Mit Gott und der Welt hadern und aus tiefer Verzweiflung befreit werden – für Martin Luther hatten diese Worte des Paulus aus seinem Brief an die Römer, eine sehr konkrete persönliche Bedeutung: „Desgleichen hilft auch der Geist unsrer Schwachheit auf. Denn wir wissen nicht, was wir beten sollen, wie sich's gebührt, sondern der Geist selbst tritt für uns ein mit unaussprechlichem Seufzen.“ So haben wir es gehört.

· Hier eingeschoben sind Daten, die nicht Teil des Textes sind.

(* Let $I\subseteq\mathfrak{M}$ be an ideal of $P$ and let $\mathrm{GFan}(I)=\{\overline G_1,\dots,\overline G_k\}$. (a) For $i=1,\dots,k$, $\mathrm{sepdim}(P/I)\le n-\#\mathrm{LI}(\overline G_i)$. (b) For $i\in\{1,\dots,k\}$, $\mathrm{sepdim}(P/I)=n-\#\mathrm{LI}(\overline G_i)$ if and only if $\#\mathrm{LI}(\overline G_i)=\max_{1\le j\le k}\#\mathrm{LI}(\overline G_j)$. (c) For $i$ such that $\#\mathrm{LI}(\overline G_i)$ is maximal, the $\mathrm{LI}(\overline G_i)$-separating re-embedding $\Phi:P/I\to\widehat P/(I\cap\widehat P)$ (with $\widehat P=K[X\setminus\mathrm{LI}(\overline G_i)]$) is an optimal separating re-embedding.
   Context: $K$ is a field, $P=K[x_1,\dots,x_n]$, $X=\{x_1,\dots,x_n\}$, $\mathfrak{M}=\langle x_1,\dots,x_n\rangle$. For $f\in P$, $\mathrm{indets}(f)$ is the set of indeterminates dividing some term in the support of $f$. For $f\in\mathfrak{M}$ with nonzero degree-one part, $z$ an indeterminate occurring in that degree-one part, and $c\ne0$ the coefficient of $z$ in $f$, $\mathrm{tail}_z(f)=z-\frac1cf$; $f$ is $z$-separating if $z\notin\mathrm{indets}(\mathrm{tail}_z(f))$. For distinct indeterminates $Z=\{z_1,\dots,z_s\}$, a tuple $(f_1,\dots,f_s)$ of nonzero elements of $\mathfrak{M}$ is coherently $Z$-separating if each $f_i$ is $z_i$-separating and $z_i\notin\mathrm{indets}(f_j)$ for $j\neq i$. If $I$ contains such a tuple, the $Z$-separating re-embedding is the $K$-algebra isomorphism $\Phi:P/I\to\widehat P/(I\cap\widehat P)$, $\widehat P=K[X\setminus Z]$, induced by $x\mapsto x$ for $x\notin Z$ and $z_i\mapsto\mathrm{tail}_{z_i}(f_i)$ (it does not depend on the choice of the tuple). It is an optimal separating re-embedding if $\#Z'\le\#Z$ for every $Z'\subseteq X$ such that $I$ contains a coherently $Z'$-separating tuple; the separating embedding dimension is then $\mathrm{sepdim}(P/I)=n-\#Z$. A marked reduced Gröbner basis of $I$ is the set of pairs $\{(\mathrm{LT}_\sigma(g),g)\mid g\in G\}$ for $G$ the reduced $\sigma$-Gröbner basis of $I$ for some term ordering $\sigma$; $\mathrm{GFan}(I)$ is the set of all distinct marked reduced Gröbner bases of $I$; for $\overline G\in\mathrm{GFan}(I)$, $\mathrm{LI}(\overline G)$ is the set of indeterminates $z\in X$ that occur as a marked leading term of some element of $\overline G$. *)

From HB Require Import structures.
From mathcomp Require Import all_boot all_order all_algebra.
From mathcomp Require Import finmap.
From mathcomp Require Import mpoly.
From mathcomp Require Import boolp.

Set Implicit Arguments.
Unset Strict Implicit.
Unset Printing Implicit Defensive.

Import GRing.Theory.
Local Open Scope ring_scope.


Section Defs.
Variables (K : fieldType) (n : nat).
Local Notation P := {mpoly K[n]}.
Local Notation mon := 'X_{1..n}.

Definition is_ideal (I : P -> Prop) : Prop :=
  [/\ I 0,
      (forall f g, I f -> I g -> I (f + g)) &
      (forall h f, I f -> I (h * f))].

(** The maximal ideal M = <x_1,...,x_n>: zero constant coefficient. *)
Definition inM (f : P) : Prop := f@_(0%MM) = 0.

Definition indets (f : P) : {set 'I_n} :=
  [set j : 'I_n | `[< exists2 m, m \in msupp f & (0 < m j)%N >]].

Definition lincoef (z : 'I_n) (f : P) : K := f@_(U_(z)%MM).

Definition tail (z : 'I_n) (f : P) : P := 'X_z - (lincoef z f)^-1 *: f.

Definition separating (z : 'I_n) (f : P) : Prop :=
  [/\ inM f, lincoef z f != 0 & z \notin indets (tail z f)].

Definition coh_sep_tuple_in (I : P -> Prop) (Z : {set 'I_n}) (F : 'I_n -> P) :
    Prop :=
  forall z, z \in Z ->
    [/\ F z != 0, inM (F z), I (F z), separating z (F z) &
        forall z', z' \in Z -> z' != z -> z \notin indets (F z')].

Definition has_coh_sep (I : P -> Prop) (Z : {set 'I_n}) : Prop :=
  exists F : 'I_n -> P, coh_sep_tuple_in I Z F.

Definition optimal_sep (I : P -> Prop) (Z : {set 'I_n}) : Prop :=
  has_coh_sep I Z /\ (forall Z', has_coh_sep I Z' -> #|Z'| <= #|Z|)%N.

Definition sepdim (I : P -> Prop) : nat :=
  (n - \max_(Z : {set 'I_n} | `[< has_coh_sep I Z >]) #|Z|)%N.

Definition term_ordering (sigma : rel mon) : Prop :=
  [/\ reflexive sigma, antisymmetric sigma, transitive sigma & total sigma] /\
  (forall m1 m2 m3, sigma m1 m2 -> sigma (m1 + m3)%MM (m2 + m3)%MM) /\
  (forall m, sigma 0%MM m).

Definition is_LT (sigma : rel mon) (f : P) (m : mon) : Prop :=
  m \in msupp f /\ (forall m', m' \in msupp f -> sigma m' m).

Definition reduced_GB (sigma : rel mon) (I : P -> Prop) (G : {fset P}) : Prop :=
  [/\ (forall g, g \in G -> I g /\ g != 0),
      (forall g, g \in G -> exists2 m, is_LT sigma g m & g@_m = 1),
      (forall f, I f -> f != 0 -> forall mf, is_LT sigma f mf ->
          exists g, exists2 mg, g \in G /\ is_LT sigma g mg & (mg <= mf)%MM) &
      (forall g g', g \in G -> g' \in G -> g != g' -> forall mg',
          is_LT sigma g' mg' ->
          forall m, m \in msupp g -> ~~ (mg' <= m)%MM)].

Definition in_GFan (I : P -> Prop) (Gb : {fset (mon * P)}) : Prop :=
  exists sigma, term_ordering sigma /\
  exists G : {fset P}, reduced_GB sigma I G /\
    (forall p, p \in Gb <-> (p.2 \in G /\ is_LT sigma p.2 p.1)).

Definition LI (Gb : {fset (mon * P)}) : {set 'I_n} :=
  [set j : 'I_n | `[< exists2 p, p \in Gb & p.1 = U_(j)%MM >]].

Definition maxLI (I : P -> Prop) : nat :=
  \max_(S : {set 'I_n} | `[< exists Gb, in_GFan I Gb /\ LI Gb = S >]) #|S|.

End Defs.

From HB Require Import structures.
From mathcomp Require Import all_boot all_order all_algebra.
From mathcomp Require Import finmap mpoly boolp.
From mathcomp Require Import zify.

(* By definition sepdim(P/I) = n - M, where M is the largest #Z such that I
   contains a coherently Z-separating tuple.  All three parts follow by
   arithmetic from the key equality M = maxLI I (lemma sepdim_maxLI):
   - (>=, LI_coherent) In a marked reduced Gröbner basis Gb, the elements
     marked by an indeterminate z form a coherently LI(Gb)-separating tuple:
     z being the leading term, no other term contains z, and by reducedness
     z occurs in no other basis element.
   - (<=, coherent_le_maxLI) Given a coherently Z-separating tuple (f_z),
     the weight ordering giving the variables of Z a large weight makes z
     the leading term of f_z, so the reduced Gröbner basis of I for this
     ordering has Z inside its LI.
   The second step needs reduced Gröbner bases to exist; this is proved
   first: Dickson's lemma gives finitely many minimal leading terms, and
   normal forms modulo I provide one reduced element for each of them. *)

Set Implicit Arguments.
Unset Strict Implicit.
Unset Printing Implicit Defensive.
Import Order.TTheory GRing.Theory.
Local Open Scope ring_scope.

Und nun sitzen wir hier 500 Jahre später als Menschen in einem Land, das ebenfalls mit sich ringt. Als ein Land, das so gesegnet ist wie nie zuvor. Als ein Land, das ein beeindruckendes Maß an Empathie gezeigt hat. Als ein Land, das viele Anstrengungen unternommen hat, auch moralische Anstrengungen. Und zugleich als ein Land, in dem manche sich moralisch überfordert fühlen. Als ein Land, in dem Menschen Angst haben, ihre gewohnte Welt zu verlieren, ihre Sicherheit zu verlieren. Als ein Land, das sich nach Heimat sehnt.

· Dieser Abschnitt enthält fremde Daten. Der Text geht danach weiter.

Lemma poch_pos (a : R) (n : nat) : 0 < a -> 0 < poch a n.
Proof.
  intros Ha. induction n; simpl; [lra |].
  apply Rmult_lt_0_compat; [exact IHn | pose proof (pos_INR n); lra].
Qed.

Lemma hyp_coef_wallis (n : nat) : hyp_coef n = INR (S n) * wallis n.
Proof.
  induction n as [| n IH].
  - unfold hyp_coef, wallis. simpl. rewrite RInt_const.
    unfold scal; simpl; unfold mult; simpl. field.
  - assert (Hstep : hyp_coef (S n)
                    = hyp_coef n * ((2 + INR n) * (1 + INR n)) / ((3/2 + INR n) * INR (S n))).
    { unfold hyp_coef. simpl poch.
      change (Factorial.fact (S n)) with (S n * Factorial.fact n)%nat. rewrite mult_INR.
      pose proof (poch_pos (3/2) n ltac:(lra)). pose proof (INR_fact_lt_0 n).
      pose proof (pos_INR n). rewrite S_INR. field. repeat split; lra. }
    rewrite Hstep, IH. pose proof (wallis_rec n). pose proof (pos_INR n).
    rewrite !S_INR.
    apply Rmult_eq_reg_r with ((3/2 + INR n) * (INR n + 1) * 2); [| nra].
    field_simplify; [nra | lra].
Qed.

(* Termwise integration of [1 / (1 - x)^2 = sum (n + 1) x^n] at [x = z (1 - u^2)]. *)
Lemma is_RInt_hyp_term (n : nat) (z : R) :
  is_RInt (fun u => INR (S n) * (z * (1 - u^2))^n) 0 1 (hyp_coef n * z^n).
Proof.
  rewrite hyp_coef_wallis.
  replace (INR (S n) * wallis n * z ^ n) with ((INR (S n) * z^n) * wallis n) by ring.
  apply is_RInt_ext_R with (fun u => (INR (S n) * z^n) * (1 - u^2)^n).
  - intros x _. rewrite Rpow_mult_distr. ring.
  - apply is_RInt_scal_R, RInt_correct_R, ex_RInt_wallis.
Qed.

Lemma is_RInt_hyp_partial_sum (N : nat) (z : R) :
  is_RInt (fun u => sum_f_R0 (fun n => INR (S n) * (z * (1 - u^2))^n) N) 0 1
    (sum_f_R0 (fun n => hyp_coef n * z^n) N).
Proof.
  induction N as [| N IH]; [exact (is_RInt_hyp_term 0 z) |].
  rewrite tech5. eapply is_RInt_ext_R; [intros x _; rewrite tech5; reflexivity |].
  apply is_RInt_plus_R; [exact IH | apply is_RInt_hyp_term].
Qed.

Lemma succ_pow_sum_closed (N : nat) (x : R) :
  sum_f_R0 (fun n => INR (S n) * x^n) N * (1 - x)^2
  = 1 - INR (S (S N)) * x^(S N) + INR (S N) * x^(S (S N)).
Proof.
  induction N as [| N IH]; [simpl; ring |].
  rewrite tech5, Rmult_plus_distr_r, IH, !S_INR. simpl pow. ring.
Qed.

Lemma succ_pow_sum_error (N : nat) (x z : R) : 0 <= x <= z -> z < 1 ->
  Rabs (sum_f_R0 (fun n => INR (S n) * x^n) N - 1 / (1 - x)^2)
  <= INR (S (S N)) * z^(S N) * 2 / (1 - z)^2.
Proof.
  intros Hx Hz. pose proof (succ_pow_sum_closed N x) as Hclosed.
  assert (Hpos : 0 < (1 - x)^2) by (apply pow_lt; lra).
  replace (sum_f_R0 (fun n => INR (S n) * x^n) N - 1 / (1 - x)^2)
    with ((- INR (S (S N)) * x^(S N) + INR (S N) * x^(S (S N))) / (1 - x)^2).
  2: { apply Rmult_eq_reg_r with ((1 - x)^2); [| lra].
       rewrite Rmult_minus_distr_r, Hclosed. field. lra. }
  rewrite Rabs_div, (Rabs_pos_eq ((1 - x)^2)) by lra.
  assert (A1 : x^(S N) <= z^(S N)) by (apply pow_incr; lra).
  assert (A2 : 0 <= x^(S (S N)) <= x^(S N)).
  { rewrite <- (tech_pow_Rmult x (S N)). pose proof (pow_le x (S N) ltac:(lra)).
    split; nra. }
  pose proof (pos_INR (S N)).
  assert (A4 : INR (S N) <= INR (S (S N))) by (apply le_INR; lia).
  assert (Hnum : Rabs (- INR (S (S N)) * x^(S N) + INR (S N) * x^(S (S N)))
                 <= INR (S (S N)) * z^(S N) * 2).
  { eapply Rle_trans; [apply Rabs_triang |].
    rewrite Rabs_mult, Rabs_Ropp, Rabs_mult, !Rabs_pos_eq by (try apply pow_le; lra). nra. }
  assert (0 < (1 - z)^2) by (apply pow_lt; lra).
  assert ((1 - z)^2 <= (1 - x)^2) by (apply pow_incr; lra).
  unfold Rdiv.
  apply Rmult_le_compat; [apply Rabs_pos | left; apply Rinv_0_lt_compat; lra | exact Hnum |].
  apply Rinv_le_contravar; lra.
Qed.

Als ein Land, das deswegen die reformatorische Botschaft von der Rechtfertigung allein aus Gnade so dringend braucht!

Weder Obergrenzen für die Unterstützung von Menschen in Not helfen diesem Land noch moralische Durchhalteparolen. Was dieses Land braucht, ist eine neue innere Freiheit. Was dieses Land braucht, ist eine Kraft, die die Angst überwindet und die Liebe stärkt. Was dieses Land braucht, ist der Geist, der der Schwachheit aufhilft. Was dieses Land braucht, ist die Rechtfertigung allein aus Glauben und nicht aus den Werken.

Woher kann eine neue innere Freiheit kommen; und eine neue Zuversicht für unser Land in aller Unterschiedlichkeit der Lebensentwürfe und Orientierungsquellen?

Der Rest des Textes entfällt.